As we shall soon see, this is the Cayley–Hamilton theorem in action.

• 3. We recall that $$\Z _2=\set {\bz ,\bo }$$ with addition and multiplication given by

\begin{align*} \bz &=\bz +\bz =\bo +\bo &\bo &=\bz +\bo =\bo +\bz \\ \bz &=\bz \bz =\bz \bo =\bo \bz &\bo &=\bo \bo . \end{align*} We immediately conclude that $$\bo ^{2}+\bo =\bz =\bz ^2+\bz$$ so that $$p(t)=\bo$$, for both $$t\in \F$$.

• 4. Let us compute the first few powers of $$A$$:

\begin{gather*} A^2= \begin{pmatrix*}[r] 0&0&0&-3&0\\0&0&0&6&-3\\1&0&0&0&6\\0&1&0&0&0\\0&0&1&0&0 \end {pmatrix*}\quad A^3= \begin{pmatrix*}[r] 0&0&-3&0&0\\0&0&6&-3&0\\0&0&0&6&-3\\1&0&0&0&6\\0&1&0&0&0 \end {pmatrix*}\quad A^4= \begin{pmatrix*}[r] 0&-3&0&0&0\\0&6&-3&0&0\\0&0&6&-3&0\\0&0&0&6&-3\\1&0&0&0&6 \end {pmatrix*}\\ A^{5}= \begin{pmatrix*}[r] -3&0&0&0&-18\\6&-3&0&0&36\\0&6&-3&0&0\\0&0&6&-3&0\\0&0&0&6&-3 \end {pmatrix*} \end{gather*} Stare at the top row to see that there can be no monic polynomial $$p=a_0\plus {}{x^{k}}$$ with $$k\leq 4$$ with $$p(A)=0$$: the $$-3$$ on the top row of the leading term would give $$a_0\plus 0{a_{k-1}}0-3=0$$. On the other hand, we readily see that $$A^{5}-6A+3I_{5}=0$$ so that $$m_A=x^5-6x+3$$.

• 5.

• (a) The remainder theorem says we can write $$p=(x-\lambda )q+r$$ with $$\deg r<\deg (x-\lambda )=1$$ so that $$r$$ is degree zero and so constant. Evaluating at $$\lambda$$ gives $$0=p(\lambda )=0q+r=r$$ and we are done.

• (b) $$q(\phi )$$ cannot be zero unless $$q=0$$ since $$\deg q<\deg p$$ and $$p$$ is the minimal polynomial of $$\phi$$. But $$q$$ cannot be zero since $$p$$ is non-zero.

• (c) Since $$q(\phi )$$ is non-zero, there is $$v\in V$$ such that $$q(\phi )v\neq 0$$. Now

\begin{equation*} 0=p(\phi )(v)=(\phi -\lambda \id _V)(q(\phi )(v)) \end{equation*}

so that $$q(\phi )v$$ is an eigenvector with eigenvalue $$\lambda$$.

• (d) $$\phi$$ is invertible if and only if $$\phi$$ is injective if and only if zero is not an eigenvalue if and only if (thanks to the previous part) zero is not a root of $$p$$ if and only if $$p$$ has non-zero constant term.

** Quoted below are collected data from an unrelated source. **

(* The functional $\delta$ defines a finite metric on $\mathrm{Conv}_{\mathrm{coe}}(\mathbb{R}^n)$. Furthermore, $\delta(u,v)=\delta(u(\cdot-x_0)+t_0,\,v(\cdot-x_0)+t_0)$ for every $u,v\in\mathrm{Conv}_{\mathrm{coe}}(\mathbb{R}^n)$, $x_0\in\mathbb{R}^n$ and $t_0\in\mathbb{R}$.
   Context: $\mathrm{Conv}_{\mathrm{coe}}(\mathbb{R}^n)$ is the set of proper, lower semicontinuous, convex, coercive functions $u:\mathbb{R}^n\to\mathbb{R}\cup\{+\infty\}$. $u^*(y)=\sup_x(\langle x,y\rangle-u(x))$ is the convex conjugate. For $\lambda>0$, $\|u^*-v^*\|_{\infty,\frac1\lambda B^n}=\sup_{|x|\le1/\lambda}|u^*(x)-v^*(x)|$. Define $\delta(u,v)=\inf\{\lambda>0:\|u^*-v^*\|_{\infty,\frac1\lambda B^n}\le\lambda\}$; equivalently $\delta(u,v)=\inf\{\lambda>0: u\ge v\,\Box\,(n_\lambda-\lambda)\text{ and }v\ge u\,\Box\,(n_\lambda-\lambda)\}$ where $n_\lambda(x)=|x|/\lambda$ and $\Box$ is infimal convolution. *)

From HB Require Import structures.
From mathcomp Require Import all_boot all_order all_algebra.
From mathcomp Require Import boolp classical_sets reals constructive_ereal ereal.
Set Implicit Arguments. Unset Strict Implicit. Unset Printing Implicit Defensive.
Import Order.TTheory GRing.Theory Num.Theory.
Local Open Scope ring_scope.
Local Open Scope classical_set_scope.

Section Defs.
Variables (R : realType) (n : nat).

Definition dotv (x y : 'rV[R]_n) : R := \sum_(i < n) x ord0 i * y ord0 i.
Definition enorm (x : 'rV[R]_n) : R := Num.sqrt (dotv x x).

Definition proper_fun (u : 'rV[R]_n -> \bar R) : Prop :=
  (forall x, u x != -oo%E) /\ (exists x, u x != +oo%E).

Definition lsc (u : 'rV[R]_n -> \bar R) : Prop :=
  forall x (t : R), (t%:E < u x)%E ->
    exists2 e : R, 0 < e & forall y, enorm (y - x) < e -> (t%:E < u y)%E.

Definition convex_fun (u : 'rV[R]_n -> \bar R) : Prop :=
  forall (x y : 'rV[R]_n) (l : R), 0 <= l -> l <= 1 ->
    (u (l *: x + (1 - l) *: y)%R <= l%:E * u x + (1 - l)%:E * u y)%E.

Definition coercive (u : 'rV[R]_n -> \bar R) : Prop :=
  forall M : R, exists r : R, forall x, r < enorm x -> (M%:E < u x)%E.

Definition Conv_coe (u : 'rV[R]_n -> \bar R) : Prop :=
  proper_fun u /\ lsc u /\ convex_fun u /\ coercive u.

Definition conj_fun (u : 'rV[R]_n -> \bar R) (y : 'rV[R]_n) : \bar R :=
  ereal_sup [set ((dotv x y)%:E - u x)%E | x in [set: 'rV[R]_n]].

(* ||u^* - v^*||_{oo, (1/l) B^n} <= l, with values in (-oo,+oo]
   (points where both conjugates are +oo contribute 0) *)
Definition delta_cond (u v : 'rV[R]_n -> \bar R) (l : R) : Prop :=
  forall y, enorm y <= l^-1 ->
    (conj_fun u y <= conj_fun v y + l%:E)%E /\
    (conj_fun v y <= conj_fun u y + l%:E)%E.

Definition delta (u v : 'rV[R]_n -> \bar R) : R :=
  inf [set l : R | 0 < l /\ delta_cond u v l].

Definition transl (u : 'rV[R]_n -> \bar R) (x0 : 'rV[R]_n) (t0 : R) :=
  fun x : 'rV[R]_n => (u (x - x0)%R + t0%:E)%E.

End Defs.

(* Near 0 the conjugate of a function u of Conv_coe is finite and bounded:
   u lies above a cone (lower semicontinuity and convexity) and grows linearly
   (coercivity), so u x >= |x - x1| / rho - C and |u^*| is bounded on the ball
   of radius 1/rho.  Hence delta is finite, and symmetry and the triangle
   inequality come from those of the sup-distance of the conjugates.
   If delta u v = 0, then v^* <= u^* + l on the ball of radius 1/l for every
   l > 0; this is incompatible with v x0 < u x0 as soon as u has an affine
   minorant <., y> - r exceeding v x0 at x0.  Such minorants exist: the
   regularisations inf_z (u z + k |x - z|) are finite and convex, exceed any
   t < u x0 at x0 for k large, and a subgradient of them at x0 is the
   slope y.
   Finally (u (. - x0) + t0)^* = u^* + <x0, .> - t0 and the affine term
   cancels in delta. *)

From HB Require Import structures.
From mathcomp Require Import all_boot all_order all_algebra.
From mathcomp Require Import boolp classical_sets reals constructive_ereal ereal.
From mathcomp Require Import ring lra.
Import Order.TTheory GRing.Theory Num.Theory.
Local Open Scope ring_scope.
Local Open Scope classical_set_scope.
Set Implicit Arguments. Unset Strict Implicit. Unset Printing Implicit Defensive.

Section Euclidean.
Variables (R : realType) (n : nat).
Implicit Types x y z : 'rV[R]_n.

Lemma dotvC x y : dotv x y = dotv y x.
Proof. by apply: eq_bigr => i _; rewrite mulrC. Qed.

Lemma dotvDl x y z : dotv (x + y) z = dotv x z + dotv y z.
Proof. by rewrite /dotv -big_split; apply: eq_bigr => i _; rewrite !mxE mulrDl. Qed.

Lemma dotvZl (c : R) x y : dotv (c *: x) y = c * dotv x y.
Proof. by rewrite /dotv mulr_sumr; apply: eq_bigr => i _; rewrite !mxE mulrA. Qed.

Lemma dotvNl x y : dotv (- x) y = - dotv x y.
Proof. by rewrite -scaleN1r dotvZl mulN1r. Qed.

Lemma dotvBl x y z : dotv (x - y) z = dotv x z - dotv y z.
Proof. by rewrite dotvDl dotvNl. Qed.

Lemma dotvDr x y z : dotv x (y + z) = dotv x y + dotv x z.
Proof. by rewrite dotvC dotvDl !(dotvC _ x). Qed.

Lemma dotvZr (c : R) x y : dotv x (c *: y) = c * dotv x y.
Proof. by rewrite dotvC dotvZl dotvC. Qed.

• 6. If $$a_0\id _V+a_1\plus \phi {\phi ^n}=0$$ then, multiplying by $$\phi ^{-n}$$ gives $$a_0\phi ^{-n}+a_1\plus {\phi ^{n-1}}{a_n} \id _V=0$$. In the case at hand, this means that

\begin{equation*} 4\phi ^{-5}+5\phi ^{-4}+6\phi ^{-3}-7\phi ^{-2}-8\phi ^{-1}+\id _V=0. \end{equation*}

If there was a non-zero polynomial $$q=\sum _{k=1}^{4}b_kx^k$$ of lower degree with $$q(\phi ^{-1})=0$$ gives

\begin{equation*} b_4\plus {\id _V}{b_0}\phi ^4=0, \end{equation*}

contradicting the minimality of $$p$$. Thus, dividing by $$4$$ to get a monic polynomial, the minimum polynomial of $$\phi ^{-1}$$ is $$1/4-2x-7/4x^2+3/2x^{3}+5/4x^4+x^5$$.

More generally, the same argument says that if $$\sum _{k=0}^na_kx^k$$ is the minimal polynomial of invertible $$\phi$$ with degree $$n$$ then $$1/a_{0}\sum _{k=0}^{n}a_{n-k}x^k$$ is the minimal polynomial of $$\phi ^{-1}$$.